TEI 2017 Victoria, British Columbia, Canada November 11 - 15

XML Mon Nov 13, 15:20–16:50

Visual Text: Encoding challenges in Picasso’s poetry (paper)

Luis Meneses* Dr. Luis Meneses is a Postdoctoral Fellow at the University of Victoria, Canada . He is a Fulbright scholar, and currently serves on the board of the TEI Consortium and on the IEEE Technical Committee on Digital Libraries. His research interests include digital humanities, digital libraries, information retrieval and human-computer interaction. and Enrique Mallen* Dr. Enrique Mallen, Professor at Sam Houston State University, U.S.A. (SHSU), is Director and General Editor of the Online Picasso Project (OPP), a digital catalogue raisonné on Pablo Picasso used by Picasso scholars throughout the world. He has written extensively on Picasso’s Cubist and Surrealist periods, as well as on Picasso’s literary writings.

1Pablo Picasso’s poetry presents an interesting challenge to the TEI community. While we see a close correlation between his poems and his artworks, one cannot deny that they are essentially verbal, and not conditioned by plastic principles. Nevertheless, his writing has three combined characteristics that makes it different: it is linked to multiple versions; it contains many additions and deletions; and it is essentially “visual text-” -as can be seen in figures Figure 1 and Figure 2:
  1. His poems can be read in a continuity of states like a unique, metamorphosing text, or their altered versions can be read separately as different entities.
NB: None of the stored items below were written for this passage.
Lemma closed_embed_preimage nu (S : car P -> Prop) :
  S (Defs.zero P) -> closed_set S -> closed_set (fun a => S (embed nu a)).
Proof.
move=> S0 Sc a acl; apply: Sc => n F eps eps0.
have off_small (y : car (A nu)) k : nu <> projT1 (F k) ->
    sn P (F k) (Defs.add P (embed nu a) (Defs.opp P (embed nu y))) < eps.
  by move=> ne; rewrite /= !embed_off // (fa_addrN (fA _)) (fa_sn0 (fA _)).
case: (excluded_middle_informative (inhabited (idx (A nu)))) => [[d]|noidx].
- pose G k := match excluded_middle_informative (projT1 (F k) = nu) with
    | left e => eq_rect _ (fun m => idx (A m)) (projT2 (F k)) nu e
    | right _ => d end.
  have [y [Sy yG]] := acl n G eps eps0.
  exists (embed nu y); split=> // k /yG; rewrite /G.
  case: excluded_middle_informative => [e|ne _]; last exact/off_small/nesym.
  by move: (F k) e => [m i] /= e; subst m; rewrite /= !embed_at.
- exists (Defs.zero P); split=> // k _; rewrite -(embed0 nu); apply: off_small.
  by case: (F k) => m i /= e; apply: noidx; rewrite e; exists.
Qed.

Lemma left_ideal_embed_preimage nu (J : car P -> Prop) :
  left_ideal J -> left_ideal (fun a => J (embed nu a)).
Proof.
move=> [[J0 JD JZ] JM]; split; [split|].
- by rewrite embed0.
- by move=> a b Ja Jb; rewrite embedD; apply: JD.
- by move=> c a Ja; rewrite embedZ; apply: JZ.
- by move=> b a Ja; have := embed_mull b (embed nu a); rewrite embed_at => ->; apply: JM.
Qed.

Lemma ran_embed_preimage nu (J : car P -> Prop) :
  left_ideal J -> is_zero_set (ran J) -> is_zero_set (ran (fun a => J (embed nu a))).
Proof.
move=> [_ JM] Jran b; split=> [bran | -> s _]; last exact: (fa_mulr0 (fA nu)).
suff /(f_equal (fun x => x nu)) : embed nu b = Defs.zero P by rewrite embed_at.
apply/Jran => x Jx.
have xb0 : Defs.mul (A nu) (x nu) b = Defs.zero (A nu).
  apply: (fa_mul_faithful (fA nu)) => a; rewrite (fa_mulA (fA nu)).
  by apply: bran; rewrite embed_mull; apply: JM.
apply: functional_extensionality_dep => m /=.
case: (excluded_middle_informative (nu = m)) => [<-|ne]; first by rewrite embed_at.
by rewrite embed_off // (fa_mulr0 (fA m)).
Qed.

Lemma ran_proj_preimage nu (J : car (A nu) -> Prop) :
  left_ideal J -> is_zero_set (ran J) -> is_zero_set (ran (A := P) (fun x => J (x nu))).
Proof.
move=> [[J0 _ _] _] Jran x; split=> [xran | -> s _]; last exact: (fa_mulr0 faithful_prod).
apply: functional_extensionality_dep => m.
case: (excluded_middle_informative (nu = m)) => [<-|ne].
- apply/Jran => s Js.
  have Jemb : J (embed nu s nu) by rewrite embed_at.
  by have /(f_equal (fun y => y nu)) := xran _ Jemb; rewrite /= embed_at.
- apply: (fa_mul_faithful (fA m)) => b.
  have Jemb : J (embed m b nu) by rewrite embed_off //; apply: nesym.
  by have /(f_equal (fun y => y m)) := xran _ Jemb; rewrite /= embed_at.
Qed.

Lemma full_of_embeds (J : car P -> Prop) :
  subspace J -> closed_set J -> (forall nu a, J (embed nu a)) -> is_full_set J.
Proof.
move=> [J0 JD _] Jc Jemb x; apply: Jc => n F eps eps0.
have agree p : exists y, J y /\ forall k, (k < p)%N -> y (projT1 (F k)) = x (projT1 (F k)).
  elim: p => [|p [y [Jy yx]]]; first by exists (Defs.zero P).
  pose nu := projT1 (F p).
  exists (Defs.add P y (embed nu (Defs.add (A nu) (x nu) (Defs.opp (A nu) (y nu))))).
  split=> [|k kp /=]; first exact: JD.
  case: (excluded_middle_informative (nu = projT1 (F k))) => [<-|ne].
    by rewrite embed_at (fa_addKr (fA nu)).
  rewrite embed_off // (fa_addr0 (fA _)) yx //.
  by move: kp; rewrite ltnS leq_eqVlt => /orP [/eqP kp|//]; case: ne; rewrite kp.
have [y [Jy yx]] := agree n.
by exists y; split=> // k kn /=; rewrite yx // (fa_addrN (fA _)) (fa_sn0 (fA _)).
Qed.

Lemma ran_zero_full_prod : (forall nu, ran_zero_full (A nu)) -> ran_zero_full P.
Proof.
move=> hA J hJ Jc Jran; apply: (full_of_embeds hJ.1 Jc) => nu.
apply: (hA nu); first exact: left_ideal_embed_preimage.
- by apply: closed_embed_preimage Jc; case: hJ => [[]].
- exact: ran_embed_preimage.
Qed.

Lemma ran_zero_full_component : ran_zero_full P -> forall nu, ran_zero_full (A nu).
Proof.
move=> hP nu J hJ Jc Jran a.
suff /(_ (embed nu a)) : is_full_set (A := P) (fun x => J (x nu)) by rewrite embed_at.
apply: hP; first exact: left_ideal_proj_preimage.
- exact: closed_proj_preimage.
- exact: ran_proj_preimage.
Qed.

End Product.

Lemma prod_opposite (R : realType) (L : Type) (A : L -> alg_data R) :
  prod_alg (fun nu => opposite_alg (A nu)) = opposite_alg (prod_alg A).
Proof. by []. Qed.

Theorem proposition3p28 (R : realType) (L : Type) (A : L -> alg_data R) :
  (forall nu, is_locally_Cstar (A nu)) ->
  (annihilator_algebra (prod_alg A) <-> forall nu, annihilator_algebra (A nu)).
Proof.
move=> hA.
have fA nu := (locally_Cstar_faithful (hA nu)).1.
have fAop nu := (locally_Cstar_faithful (hA nu)).2.
have annE nu := annihilator_algebraE (fA nu) (fAop nu).
have fP : faithful_alg (prod_alg A) := faithful_prod fA.
have fPop : faithful_alg (opposite_alg (prod_alg A)).
  by rewrite -prod_opposite; exact: faithful_prod fAop.
rewrite (annihilator_algebraE fP fPop) -prod_opposite.
split=> [[hl hr] nu | h].
  by rewrite annE; split; [exact: ran_zero_full_component fA hl nu |
                           exact: ran_zero_full_component fAop hr nu].
by split; [apply: ran_zero_full_prod fA _ | apply: ran_zero_full_prod fAop _]
   => nu; have /annE[] := h nu.
Qed.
In his poetry we are faced with multiple interconnected texts, which offer several readings through their successive “re-writings” and “re-readings.”
  2. His poems display numerous bracketed words which are purposely left differentiated in Picassos manuscripts as footnoted “afterthoughts” to the text. The reader is left to choose whether to follow the suggested insertions or to continue with the original text, ignoring the later additions. Androula Michaël defines Picasso’s poetry as a space of “labyrinthine writing” where words proliferate, attract one another, and break the syntagmatic line of language, freeing phrases from grammatical constraints (Michaël, 2011).
  3. Picasso’s poems include many graphic components, such as hyphens, coloring and underlinings, a variety of scripts, etc. This combination of text and graphic material is reminiscent of Picasso’s collages in which different media were used for a single composition.
2For some time now, our research has analyzed Picasso’s artistic legacy (Meneses et al., 2011) and his poetry (Meneses et al., 2008). From an encoding perspective, Picasso’s poetry presents an interesting test case that needs to be addressed in the pedagogy and practice of the encoding initiative. In our analysis of Picasso’s poetry, we will highlight a unique set of challenges and possible solutions for encoding these documents in TEI.
Example of multiple additions and deletions in Picasso’s poetry. P. Picasso, lengua de fuego abanica ... (7), Musée Picasso, Paris, 1935.
Figure 1. Example of multiple additions and deletions in Picasso’s poetry. P. Picasso, “lengua de fuego abanica ... (7),” Musée Picasso, Paris, 1935.
Example of the visual components in Picasso’s poetry. P. Picasso, si yo fuera afuera ... (2), Claude Ruiz-Picasso Collection, 1935.
Figure 2. Example of the visual components in Picasso’s poetry. P. Picasso, “si yo fuera afuera ... (2),” Claude Ruiz-Picasso Collection, 1935.

Bibliography

  • Meneses, Luis, C. Monroy, R. Furuta, and Enrique Mallen. 2011. “Computational Approaches to a Catalogue Raisonné of Pablo Picasso’s Works.” Interdisciplinary Journal for Germanic Linguistics and Semiotic Analysis.
  • Meneses, Luis, C. Monroy, Enrique Mallen, and R. Furuta. 2008. “Picasso’s Poetry: The Case of a Bilingual Concordance.” Digital Humanities 2008. 157–159.
  • Michaël, Androula. 2011. “Picasso poète. Une expérimentation permanente” Études Tome 415(9): 219–230.